Nu op Le Guess Who? dus getweeën. Beiden zeer ervaren improvisatoren. Maar tegelijk hebben beiden nadrukkelijk een verschillend muzikaal idioom. Dat blijkt in het eerste lange stuk als de Amerikaan, gezeten op een stoel en gebogen over zijn gitaar, vooral een aanhoudende, noise-achtige drone produceert. Met hier en daar een pulse, maar verder geen of nauwelijks ritme. Je merkt als toeschouwer dat het lastig is voor Bennink om daar vat op te krijgen. Wat hij ook doet, van werkelijke interactie is geen sprake. Moore vervolgt stug zijn drone. Dus doet Bennink wat ervaren improvisatoren in dat geval altijd doen: hij gaat zijn eigen weg. Han speelt als het ware solo-slagwerk bij wijze van contrapunt, terwijl Thurston de ene na de andere straaljager laat opstijgen.
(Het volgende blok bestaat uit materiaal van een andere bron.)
(* Let $m\ge2$, $N\in\mathbb{N}$, let $\Omega\subset\mathbb{R}^m$ be a bounded open connected set, and let $\overline\Omega=\{(x_1,\ldots,x_N)\in\Omega^N: x_i\neq x_j \text{ for all } i\neq j\}$. Let $V_1,\ldots,V_d$ be smooth vector fields on $\mathbb{R}^m$ such that $\mathrm{Lie}(V_1,\ldots,V_d)$ interpolates at the tuple $\bar x=(x_1,\ldots,x_N)\in\overline\Omega$. Then \[ \mathrm{Lie}(V_1^{\oplus N},\ldots,V_d^{\oplus N})(\bar x)=(\mathbb{R}^m)^N, \] i.e. the vector fields $V_1^{\oplus N},\ldots,V_d^{\oplus N}$ on $(\mathbb{R}^m)^N$ satisfy the Hörmander condition at $\bar x$.
   Context: For smooth vector fields $U,V$ on $\mathbb{R}^n$, the Lie bracket is $[U,V](x)=DV(x)U(x)-DU(x)V(x)$, with $DU$ the Jacobian matrix. $\mathrm{Lie}(U_1,\ldots,U_d)$ is the smallest linear space of vector fields containing $U_1,\ldots,U_d$ and closed under Lie brackets, and $\mathrm{Lie}(U_1,\ldots,U_d)(x)=\{W(x): W\in\mathrm{Lie}(U_1,\ldots,U_d)\}\subseteq\mathbb{R}^n$. For a vector field $V$ on $\mathbb{R}^m$, $V^{\oplus N}$ is the vector field on $(\mathbb{R}^m)^N$ given by $V^{\oplus N}(x_1,\ldots,x_N)=(V(x_1),\ldots,V(x_N))$. A collection $\mathcal V$ of vector fields on $\mathbb{R}^m$ interpolates at a tuple $(x_1,\ldots,x_N)$ if for every $(v_1,\ldots,v_N)\in(\mathbb{R}^m)^N$ there exists $\widehat V\in\mathcal V$ with $\widehat V(x_i)=v_i$ for all $i=1,\ldots,N$. *)

From HB Require Import structures.
From mathcomp Require Import all_boot all_order all_algebra.
From mathcomp Require Import all_classical all_reals all_analysis.
Set Implicit Arguments. Unset Strict Implicit. Unset Printing Implicit Defensive.
Import Order.TTheory GRing.Theory Num.Theory.
Import numFieldNormedType.Exports.
Local Open Scope classical_set_scope.
Local Open Scope ring_scope.

Section Defs.
Variable R : realType.

Fixpoint iterD {V W : normedModType R} (s : seq V) (f : V -> W) : V -> W :=
  match s with
  | [::] => f
  | v :: s' => fun x => 'D_v (iterD s' f) x
  end.

Definition smooth {V W : normedModType R} (f : V -> W) : Prop :=
  forall s : seq V, continuous (iterD s f) /\ (forall v x, derivable (iterD s f) x v).

Definition lie_bracket {V : normedModType R} (U W : V -> V) : V -> V :=
  fun x => 'D_(U x) W x - 'D_(W x) U x.

Inductive Lie {V : normedModType R} {d : nat} (U : 'I_d -> V -> V) : (V -> V) -> Prop :=
| Lie_gen i : Lie U (U i)
| Lie_zero : Lie U (fun _ => 0)
| Lie_add W1 W2 : Lie U W1 -> Lie U W2 -> Lie U (fun x => W1 x + W2 x)
| Lie_scale (a : R) W : Lie U W -> Lie U (fun x => a *: W x)
| Lie_bracket W1 W2 : Lie U W1 -> Lie U W2 -> Lie U (lie_bracket W1 W2).

Definition Lie_at {V : normedModType R} {d : nat} (U : 'I_d -> V -> V) (x : V) : set V :=
  [set W x | W in Lie U].

(* (R^m)^N is represented as N x m matrices; row i is the i-th point.
   V^{(+)N}(x_1,...,x_N) = (V x_1, ..., V x_N). *)
Definition dsum {m : nat} (N : nat) (V : 'rV[R]_m -> 'rV[R]_m) :
  'M[R]_(N, m) -> 'M[R]_(N, m) :=
  fun X => \matrix_(i < N) V (row i X).

Definition interpolates {m N : nat} (F : set ('rV[R]_m -> 'rV[R]_m)) (X : 'M[R]_(N, m)) : Prop :=
  forall Y : 'M[R]_(N, m), exists2 W, F W & forall i : 'I_N, W (row i X) = row i Y.

Definition config {m : nat} (N : nat) (Omega : set 'rV[R]_m) : set 'M[R]_(N, m) :=
  [set X | (forall i, Omega (row i X)) /\ (forall i j : 'I_N, i != j -> row i X != row j X)].

End Defs.
Arguments config {R m} N Omega.
Arguments dsum {R m} N V.
Arguments interpolates {R m N} F X.
Arguments Lie_at {R V d} U x.

From Pilot Require Import Defs.
From HB Require Import structures.
From mathcomp Require Import all_boot all_order all_algebra.
From mathcomp Require Import all_classical all_reals all_analysis.
From mathcomp Require Import ring lra.
Import Order.TTheory GRing.Theory Num.Theory.
Import numFieldNormedType.Exports.
Local Open Scope classical_set_scope.
Local Open Scope ring_scope.

(* A field W in Lie(V_1, ..., V_d) satisfies W^{(+)N} in Lie(V_1^{(+)N}, ...,
   V_d^{(+)N}): the Jacobian of W^{(+)N} is block diagonal with blocks DW(x_i),
   so W |-> W^{(+)N} commutes with brackets of smooth fields.  As
   W^{(+)N}(x_1, ..., x_N) = (W x_1, ..., W x_N), interpolation gives every
   vector of (R^m)^N.
   The real work is that Lie(V) consists of smooth fields.  Smoothness only
   controls directional derivatives, so the mean value theorem is used to show
   that continuous directional derivatives are linear in the direction; then
   [U, W] = sum_j U_j d_j W - W_j d_j U is a combination of products of smooth
   functions. *)

Section DirectionalDerivative.
Context {R : realType} {V : normedModType R}.
Implicit Types (g : V -> R) (x y u v w : V).

Lemma is_derive_eps g x u (L : R) :
  (forall e, 0 < e -> exists2 d, 0 < d & forall k : R, k != 0 -> `|k| < d ->
     `|g (x + k *: u) - g x - k * L| <= e * `|k|) ->
  is_derive x u g L.
Proof.
move=> H.
have cv : (fun k : R => k^-1 *: ((g \o shift x) (k *: u) - g x)) @ 0^' --> L.
  apply/cvgrPdist_le => e e0.
  have [d d0 Hd] := H e e0.
  near=> k.
  have k0 : k != 0 by near: k; exact: nbhs_dnbhs_neq.
  have kd : `|k| < d by near: k; exact: dnbhs0_lt.
  rewrite distrC /= [k *: u + x]addrC.
  have -> : k^-1 *: (g (x + k *: u) - g x) - L = k^-1 * (g (x + k *: u) - g x - k * L).
    by rewrite [_ *: _]/(_ * _) mulrBr mulrA mulVf ?mul1r.
  rewrite normrM normfV ler_pdivrMl ?normr_gt0 // [`|k| * e]mulrC; exact: Hd.
by split; [apply/cvg_ex; exists L | exact: cvg_lim cv].
Unshelve. all: by end_near. Qed.

Lemma is_derive_line g y w (s : R) : derivable g (y + s *: w) w ->
  is_derive s 1 (fun s => g (y + s *: w)) ('D_w g (y + s *: w)).
Proof.
move=> dg.
have E : (fun h : R => h^-1 *: (((fun s => g (y + s *: w)) \o shift s) (h *: 1)
                               - g (y + s *: w)))
       = (fun h : R => h^-1 *: ((g \o shift (y + s *: w)) (h *: w) - g (y + s *: w))).
  by apply/funext => h /=; rewrite [_%:A]mulr1 scalerDl addrCA addrA.
by split; rewrite /derivable /derive E.
Qed.

Lemma mean_value_dir g y w (t : R) : (forall z, derivable g z w) ->
  exists2 c : R, `|c| <= `|t| & g (y + t *: w) - g y = t * 'D_w g (y + c *: w).
Proof.
move=> dg.
have dline (s : R) : is_derive s 1 (fun s => g (y + s *: w)) ('D_w g (y + s *: w)).
  exact: is_derive_line.
have cline : continuous (fun s : R => g (y + s *: w)).
  by move=> s; apply/differentiable_continuous/derivable1_diffP; case: (dline s).
have mvt (a b : R) : a <= b -> exists2 c, c \in `[a, b] &
    g (y + b *: w) - g (y + a *: w) = 'D_w g (y + c *: w) * (b - a).
  by move=> ab; apply: MVT_segment ab (fun s _ => dline s) (continuous_subspaceT cline).
have [t0|t0] := leP 0 t.
- have [c + E] := mvt _ _ t0; rewrite in_itv /= => /andP[c0 ct].
  exists c; first by rewrite !ger0_norm // (le_trans c0).
  by rewrite scale0r addr0 subr0 mulrC in E.
- have [c + E] := mvt _ _ (ltW t0); rewrite in_itv /= => /andP[tc c0].
  exists c; first by rewrite !ler0_norm ?lerN2 // ltW.
  by rewrite scale0r addr0 sub0r mulrN in E; rewrite -opprB E opprK mulrC.
Qed.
Het tweede stuk wordt ingezet door Han. Heel speels, een shuffletje. En daar haakt Moore direct op in. Opeens blijken de twee weldegelijk tot samenspel in staat. En dat geldt ook voor het derde en laatste duet. Thurston doet een ‘Neil Youngetje’ met zijn gitaar rondzingend tegen de luidsprekerbox. Han reageert er scherp op en er is meer dynamiek dan in het hele voorgaande halfuur. Dit zijn mannen die aan elkaar gewaagd zijn.
Protomartyr
Ik moest Protomartyr zien. Natuurlijk moest ik Protomartyr zien. Het kwartet uit Detroit geldt als één van de meest ‘hotte’ gitaarbands van dit moment. De platen hadden mij nog niet helemaal overtuigd, maar het optreden zou wellicht het duwtje over de drempel kunnen zijn. Muziek beleef ik toch vooral ‘live’.
En het was goed. Erg goed zelfs. Maar niet sensationeel. Daarvoor blijkt Protomatyr net iets teveel oude wijn in nieuwe zakken. In 1982 zou de groep zonder meer spectaculair zijn geweest. Maar vijfendertig jaar na dato hebben de bands van destijds waar Protomaryr zich zo graag aan spiegelt – The Fall, Pere Ubu – zich alweer een stuk verder ontwikkeld. Vooral instrumentaal. En dan blijft de band uit Detroit wat mij betreft wel heel erg basaal, hoe cool zanger Joe Casey ook met één hand in zijn broekzak zijn teksten voordraagt. Maar misschien is de Rondazaal van TivoliVredenburg ook wel gewoon een maatje te groot voor Protomartyr. Een kwantiteitssprong gaat niet zelden ook gepaard met een kwaliteitssprong – zowel voor- als achteruit. Desalniettemin een ‘dikke acht’.
Keiji Haino
Keiji Haino is niet in een cijfer te vatten. De Japanse muzikale sjamaan, 65 jaar inmiddels, valt buiten alle categorieën. Zijn invloed op de avant-garde is vergelijkbaar met die van bijvoorbeeld Brian Eno of Laurie Anderson, maar zijn bekendheid blijft ver bij hen achter. Voor deze Le Guess Who? is hij in Utrecht op uitnodiging van zowel Grouper als Han Bennink. Met de laatste speelde hij donderdagavond reeds een duo-set.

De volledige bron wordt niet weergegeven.